**Exercise description:** The only acceptable reply is the number of lines in the material below that hold "ebcoordB".

[[ Recorded data, beginning ]]

Lemma ecoord_mkg a u c : ecoord (mkg a u c) = a.
Proof. by rewrite /ecoord /mkg !col_mxKu mxE eqxx mulr1n. Qed.
Lemma g0part_mkg a u c : g0part (mkg a u c) = u.
Proof. by rewrite /g0part /mkg col_mxKu col_mxKd. Qed.
Lemma ebcoord_mkg a u c : ebcoord (mkg a u c) = c.
Proof. by rewrite /ebcoord /mkg col_mxKd mxE eqxx mulr1n. Qed.

Lemma mkgK x : mkg (ecoord x) (g0part x) (ebcoord x) = x.
Proof. by rewrite /mkg /ecoord /g0part /ebcoord -!mx11_scalar !vsubmxK. Qed.

Lemma mkg_eq x a u c :
  ecoord x = a -> g0part x = u -> ebcoord x = c -> x = mkg a u c.
Proof. by move=> <- <- <-; rewrite mkgK. Qed.

Lemma ecoordD p x y : ecoord (p *: x + y) = p * ecoord x + ecoord y.
Proof. by rewrite !ecoordE !mxE. Qed.
Lemma g0partD p x y : g0part (p *: x + y) = p *: g0part x + g0part y.
Proof. by apply/colP => k; rewrite !mxE -!g0partE. Qed.
Lemma ebcoordD p x y : ebcoord (p *: x + y) = p * ebcoord x + ebcoord y.
Proof. by rewrite !ebcoordE !mxE. Qed.
Lemma ecoordZ p x : ecoord (p *: x) = p * ecoord x.
Proof. by rewrite !ecoordE !mxE. Qed.
Lemma ecoordB x y : ecoord (x - y) = ecoord x - ecoord y.
Proof. by rewrite !ecoordE !mxE. Qed.
Lemma g0partB x y : g0part (x - y) = g0part x - g0part y.
Proof. by apply/colP => k; rewrite !mxE -!g0partE. Qed.
Lemma ebcoordB x y : ebcoord (x - y) = ebcoord x - ebcoord y.
Proof. by rewrite !ebcoordE !mxE. Qed.

Lemma mkg0 : mkg 0 0 0 = 0 :> V.
Proof.
apply/esym/mkg_eq; rewrite ?ecoordE ?ebcoordE ?mxE //.
by apply/colP => k; rewrite g0partE !mxE.
Qed.

Lemma mkgB a u c a' u' c' :
  mkg a u c - mkg a' u' c' = mkg (a - a') (u - u') (c - c') :> V.
Proof.
by apply: mkg_eq; rewrite ?ecoordB ?g0partB ?ebcoordB ?ecoord_mkg ?g0part_mkg ?ebcoord_mkg.
Qed.

Lemma ebase_e_idx : ebase R e_idx = mkg 1 0 0.
Proof.
apply: mkg_eq.
- by rewrite ecoordE mxE !eqxx.
- apply/colP => k; rewrite g0partE !mxE /g0_idx /e_idx.
  by rewrite (inj_eq (@lshift_inj _ _)) eq_rlshift.
- by rewrite ebcoordE mxE /ebar_idx /e_idx eq_rlshift.
Qed.

Lemma ebase_g0_idx k : ebase R (g0_idx k) = mkg 0 (ebase R k) 0.
Proof.
apply: mkg_eq.
- by rewrite ecoordE mxE /g0_idx /e_idx (inj_eq (@lshift_inj _ _)) eq_lrshift.
- apply/colP => j; rewrite g0partE !mxE /g0_idx (inj_eq (@lshift_inj _ _)).
  by rewrite (inj_eq (@rshift_inj _ _)).
- by rewrite ebcoordE mxE /ebar_idx /g0_idx eq_rlshift.
Qed.

Lemma ebase_ebar_idx : ebase R ebar_idx = mkg 0 0 1.
Proof.
apply: mkg_eq.
- by rewrite ecoordE mxE /ebar_idx /e_idx eq_lrshift.
- by apply/colP => k; rewrite g0partE !mxE /g0_idx /ebar_idx eq_lrshift.
- by rewrite ebcoordE mxE !eqxx.
Qed.

Lemma mxtrace_dext (F : V -> V) :
  \tr (fun_mx F) =
  ecoord (F (mkg 1 0 0)) + \sum_k g0part (F (mkg 0 (ebase R k) 0)) k 0
  + ebcoord (F (mkg 0 0 1)).
Proof.
rewrite mxtrace_fun_mx big_split_ord big_split_ord !big_ord1.
rewrite ebase_e_idx ebase_ebar_idx ecoordE ebcoordE; congr (_ + _ + _).
by apply: eq_bigr => k _; rewrite ebase_g0_idx g0partE.
Qed.

End DoubleExtensionCoordinates.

[[ Recorded data, end ]]

**Task solution:** 2